Dataset entries
▼

(* The block of v is the set of points reachable from v by a k-chain in its layer. *)
Lemma block_of_layer N v : layer W e r lam N v -> exists B : skel_V e r lam k, proj1_sig B v.
Proof.
  intro Hv.
  set (L := layer W e r lam N). set (C := fun y => kchain W e L k v y).
  assert (Hlift : forall x y, kchain W e L k x y -> C x -> kchain W e C k x y).
  { induction 1 as [x Hx | x y z Hx Hxy Hyz IH]; intro Cx; [constructor; exact Cx |].
    econstructor; [exact Cx | exact Hxy |]. apply IH.
    apply (kchain_app _ _ _ _ v x); [exact Cx |].
    apply (kchainS _ _ _ _ x y y Hx Hxy). constructor. exact (kchain_start _ _ _ _ _ _ Hyz). }
  assert (HB : is_block e r lam k C).
  { exists N. repeat split.
    - intros x Hx. exact (kchain_end _ _ _ _ _ _ Hx).
    - exists v. constructor. exact Hv.
    - intros x y Hx Hy. apply Hlift; [| exact Hx].
      apply (kchain_app _ _ _ _ x v); [apply kchain_rev |]; assumption.
    - intros B' Hsub HL Hcon x Hx. apply (kchain_mono _ _ _ B' L _ _ HL).
      apply Hcon; [apply Hsub; constructor; exact Hv | exact Hx]. }
  exists (exist _ C HB). simpl. constructor. exact Hv.
Qed.

Lemma block_eq (Hlam : 0 < lam) (B1 B2 : skel_V e r lam k) u w N :
  proj1_sig B1 u -> proj1_sig B2 w -> layer W e r lam N u -> layer W e r lam N w ->
  dist_le e u w k -> B1 = B2.
Proof.
  destruct B1 as [P1 HB1], B2 as [P2 HB2]; simpl. intros Hu Hw Lu Lw Huw.
  pose proof HB1 as [N1 [L1 [_ [C1 M1]]]]. pose proof HB2 as [N2 [L2 [_ [C2 M2]]]].
  pose proof (layer_unique Hlam N1 N u (L1 u Hu) Lu).
  pose proof (layer_unique Hlam N2 N w (L2 w Hw) Lw). subst N1 N2.
  assert (HU : k_connected W e (fun x => P1 x \/ P2 x) k)
    by exact (k_connected_union _ _ _ Hs _ _ u w C1 C2 Hu Hw Huw).
  assert (HL : forall x, P1 x \/ P2 x -> layer W e r lam N x)
    by (intros x [Hx | Hx]; auto).
  assert (P1 = P2) as <-.
  { apply functional_extensionality. intro x. apply propositional_extensionality. split.
    - intro Hx. apply (M2 _ (fun y Hy => or_intror Hy) HL HU). left. exact Hx.
    - intro Hx. apply (M1 _ (fun y Hy => or_introl Hy) HL HU). right. exact Hx. }
  subst. f_equal. apply proof_irrelevance.
Qed.

Lemma skel_dist_le_adj (A B : skel_V e r lam k) u w :
  proj1_sig A u -> proj1_sig B w -> e u w -> dist_le (skel_adj e r lam k) A B 1.
Proof.
  intros Hu Hw Huw. destruct (classic (A = B)) as [<- | Hne].
  - apply dist_le_refl.
  - apply dist_le_adj. split; [exact Hne | exists u, w; auto].
Qed.

End Blocks.

Lemma skel_adj_sym {V} (adj : V -> V -> Prop) (Hsym : symmetric_graph adj) x0 lam k :
  symmetric_graph (skel_adj adj x0 lam k).
Proof.
  intros B1 B2 [Hne [x [y [Hx [Hy Hxy]]]]].
  split; [intro HB; apply Hne; symmetry; exact HB | exists y, x; auto].
Qed.

Section ScaleTwo.
Variables (W : Type) (e : W -> W -> Prop) (Hs : symmetric_graph e).
Variables (r : W) (k : nat) (Hk : (2 <= k)%nat).

Lemma layer2_iff N v :
  layer W e r 2 N v <-> exists d, dist_eq e v r d /\ (2 * N < Z.of_nat d <= 2 * N + 2)%Z.
Proof.
  unfold layer. rewrite <- !mult_IZR, <- plus_IZR.
  split; intros [d [Hd [H1 H2]]]; exists d; split; try exact Hd;
    rewrite INR_IZR_INZ, <- mult_IZR in *.
  - apply lt_IZR in H1. apply le_IZR in H2. lia.
  - split; [apply IZR_lt | apply IZR_le]; lia.
Qed.

Lemma layer2_exists v d : dist_eq e v r d -> exists N, layer W e r 2 N v.
Proof.
  intro Hd. exists ((Z.of_nat d - 1) / 2)%Z. apply layer2_iff. exists d. split; [exact Hd |].
  pose proof (Z.div_mod (Z.of_nat d - 1) 2). pose proof (Z.mod_pos_bound (Z.of_nat d - 1) 2).
  lia.
Qed.

Lemma block_of_adj (A : skel_V e r 2 k) a w :
  proj1_sig A a -> e a w -> exists C : skel_V e r 2 k, proj1_sig C w.
Proof.
  intros Ha Haw. destruct (block_layer _ _ _ _ _ A a Ha) as [N HN].
  apply layer2_iff in HN as [d [[Hd _] _]].
  destruct (dist_le_dist_eq W e (1 + d) w r) as [d' Hd'].
  { eapply dist_le_trans; [apply dist_le_adj, Hs, Haw | exact Hd]. }
  destruct (layer2_exists w d' Hd') as [N' HN'].
  exact (block_of_layer _ _ Hs _ _ _ _ _ HN').
Qed.

Lemma skel_dist_le_two_steps (A C : skel_V e r 2 k) v0 v1 v2 :
  proj1_sig A v0 -> proj1_sig C v2 -> e v0 v1 -> e v1 v2 ->
  dist_le (skel_adj e r 2 k) A C 1.
Proof.
  intros H0 H2 E01 E12.
  destruct (block_of_adj A v0 v1 H0 E01) as [B H1].
  destruct (block_layer _ _ _ _ _ A v0 H0) as [N0 L0].
  destruct (block_layer _ _ _ _ _ B v1 H1) as [N1 L1].
  destruct (block_layer _ _ _ _ _ C v2 H2) as [N2 L2].
  assert (D01 : dist_le e v0 v1 k) by (apply dist_le_mono with 1%nat; [apply dist_le_adj | lia]; auto).
  assert (D12 : dist_le e v1 v2 k) by (apply dist_le_mono with 1%nat; [apply dist_le_adj | lia]; auto).
  assert (D02 : dist_le e v0 v2 k).
  { apply dist_le_mono with (1 + 1)%nat; [| lia].
    apply dist_le_trans with v1; apply dist_le_adj; assumption. }
  destruct (Z.eq_dec N0 N2) as [<- | N02].
  { rewrite (block_eq _ _ Hs _ _ _ Rlt_0_2 A C v0 v2 N0 H0 H2 L0 L2 D02). apply dist_le_refl. }
  destruct (Z.eq_dec N0 N1) as [<- | N01].
  { rewrite (block_eq _ _ Hs _ _ _ Rlt_0_2 A B v0 v1 N0 H0 H1 L0 L1 D01).
    exact (skel_dist_le_adj _ _ _ _ _ B C v1 v2 H1 H2 E12). }
  destruct (Z.eq_dec N1 N2) as [<- | N12].
  { rewrite <- (block_eq _ _ Hs _ _ _ Rlt_0_2 B C v1 v2 N1 H1 H2 L1 L2 D12).
    exact (skel_dist_le_adj _ _ _ _ _ A B v0 v1 H0 H1 E01). }
  (* The layer of d1 contains d1 and one of d1 - 1, d1 + 1; so d0 and d2 both
     equal the other one, and lie in a common layer. *)
  exfalso.
  apply layer2_iff in L0 as [d0 [Q0 B0]], L1 as [d1 [Q1 B1]], L2 as [d2 [Q2 B2]].
  pose proof (dist_eq_adj _ _ Hs _ _ _ _ _ E01 Q0 Q1).
  pose proof (dist_eq_adj _ _ Hs _ _ _ _ _ (Hs _ _ E01) Q1 Q0).
  pose proof (dist_eq_adj _ _ Hs _ _ _ _ _ E12 Q1 Q2).
  pose proof (dist_eq_adj _ _ Hs _ _ _ _ _ (Hs _ _ E12) Q2 Q1).
  lia.
Qed.

Lemma skel_dist_le_half_walk m : forall a b (A B : skel_V e r 2 k),
  walk e m a b -> proj1_sig A a -> proj1_sig B b ->
  forall L, (m <= 2 * L)%nat -> dist_le (skel_adj e r 2 k) A B L.
Proof.
  induction m as [m IH] using lt_wf_ind. intros a b A B Hw HA HB L HL.
  destruct Hw as [a | m1 a v1 b E1 Hw1].
  - destruct (block_layer _ _ _ _ _ A a HA) as [N HN].
    rewrite (block_eq _ _ Hs _ _ _ Rlt_0_2 A B a a N HA HB HN HN (dist_le_refl _ _ _ _)).
    apply dist_le_refl.
  - destruct Hw1 as [v1 | m2 v1 v2 b E2 Hw2].
    + apply dist_le_mono with 1%nat; [exact (skel_dist_le_adj _ _ _ _ _ A B a v1 HA HB E1) | lia].
    + destruct (block_of_adj A a v1 HA E1) as [C1 HC1].
      destruct (block_of_adj C1 v1 v2 HC1 E2) as [C2 HC2].
      replace L with (1 + (L - 1))%nat by lia.
      apply dist_le_trans with C2.
      * exact (skel_dist_le_two_steps A C2 a v1 v2 HA HC2 E1 E2).
      * apply (IH m2 ltac:(lia) v2 b C2 B Hw2 HC2 HB). lia.
Qed.

Lemma skel_preimage_r_disjoint_double (X Y : skel_V e r 2 k -> Prop) n :
  r_disjoint (skel_adj e r 2 k) X Y (INR n) ->
  r_disjoint e (skel_preimage e r 2 k X) (skel_preimage e r 2 k Y) (INR (2 * n)).
Proof.
  intros Hdisj a b m [A [HXA HAa]] [B [HYB HBb]] Hw.
  apply lt_INR. destruct (le_lt_dec m (2 * n)) as [Hm | Hm]; [exfalso | exact Hm].
  destruct (skel_dist_le_half_walk m a b A B Hw HAa HBb n Hm) as [L [HLn HL]].
  pose proof (INR_lt _ _ (Hdisj A B L HXA HYB HL)). lia.
Qed.

End ScaleTwo.

Theorem lemma6 (V : Type) (adj : V -> V -> Prop) (x0 : V) (lam : R) (k : nat)
  (Hsym : symmetric_graph adj) (Hconn : connected_graph adj)
  (Hlam : 1 <= lam) (Hk : (1 <= k)%nat)
  (r : skel_V adj x0 lam k) (Hr : proj1_sig r x0)
  (X Y : skel_V (skel_adj adj x0 lam k) r 2 2 -> Prop) (n : nat) (Hn : (1 < n)%nat)
  (Hdisj : r_disjoint (skel_adj (skel_adj adj x0 lam k) r 2 2) X Y (INR n)) :
  r_disjoint (skel_adj adj x0 lam k)
    (skel_preimage (skel_adj adj x0 lam k) r 2 2 X)
    (skel_preimage (skel_adj adj x0 lam k) r 2 2 Y)
    (INR n + INR n / 2).
Proof.
  intros a b m Ha Hb Hw.
  apply Rle_lt_trans with (INR (2 * n)).
  - rewrite mult_INR. simpl (INR 2). pose proof (pos_INR n). lra.
  - exact (skel_preimage_r_disjoint_double _ _ (skel_adj_sym adj Hsym x0 lam k) r 2 (le_n 2)
             X Y n Hdisj a b m Ha Hb Hw).
Qed.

▲

> ABOUT THIS EXERCISE:
Beginning with the line that contains "r_disjoint e (skel_preimage", restate word for word each line through the last one in the data, and write nothing more.

> ANSWER BELOW:
  r_disjoint e (skel_preimage e r 2 k X) (skel_preimage e r 2 k Y) (INR (2 * n)).
Proof.
  intros Hdisj a b m [A [HXA HAa]] [B [HYB HBb]] Hw.
  apply lt_INR. destruct (le_lt_dec m (2 * n)) as [Hm | Hm]; [exfalso | exact Hm].
  destruct (skel_dist_le_half_walk m a b A B Hw HAa HBb n Hm) as [L [HLn HL]].
  pose proof (INR_lt _ _ (Hdisj A B L HXA HYB HL)). lia.
Qed.

End ScaleTwo.

Theorem lemma6 (V : Type) (adj : V -> V -> Prop) (x0 : V) (lam : R) (k : nat)
  (Hsym : symmetric_graph adj) (Hconn : connected_graph adj)
  (Hlam : 1 <= lam) (Hk : (1 <= k)%nat)
  (r : skel_V adj x0 lam k) (Hr : proj1_sig r x0)
  (X Y : skel_V (skel_adj adj x0 lam k) r 2 2 -> Prop) (n : nat) (Hn : (1 < n)%nat)
  (Hdisj : r_disjoint (skel_adj (skel_adj adj x0 lam k) r 2 2) X Y (INR n)) :
  r_disjoint (skel_adj adj x0 lam k)
    (skel_preimage (skel_adj adj x0 lam k) r 2 2 X)
    (skel_preimage (skel_adj adj x0 lam k) r 2 2 Y)
    (INR n + INR n / 2).
Proof.
  intros a b m Ha Hb Hw.
  apply Rle_lt_trans with (INR (2 * n)).
  - rewrite mult_INR. simpl (INR 2). pose proof (pos_INR n). lra.
  - exact (skel_preimage_r_disjoint_double _ _ (skel_adj_sym adj Hsym x0 lam k) r 2 (le_n 2)
             X Y n Hdisj a b m Ha Hb Hw).
Qed.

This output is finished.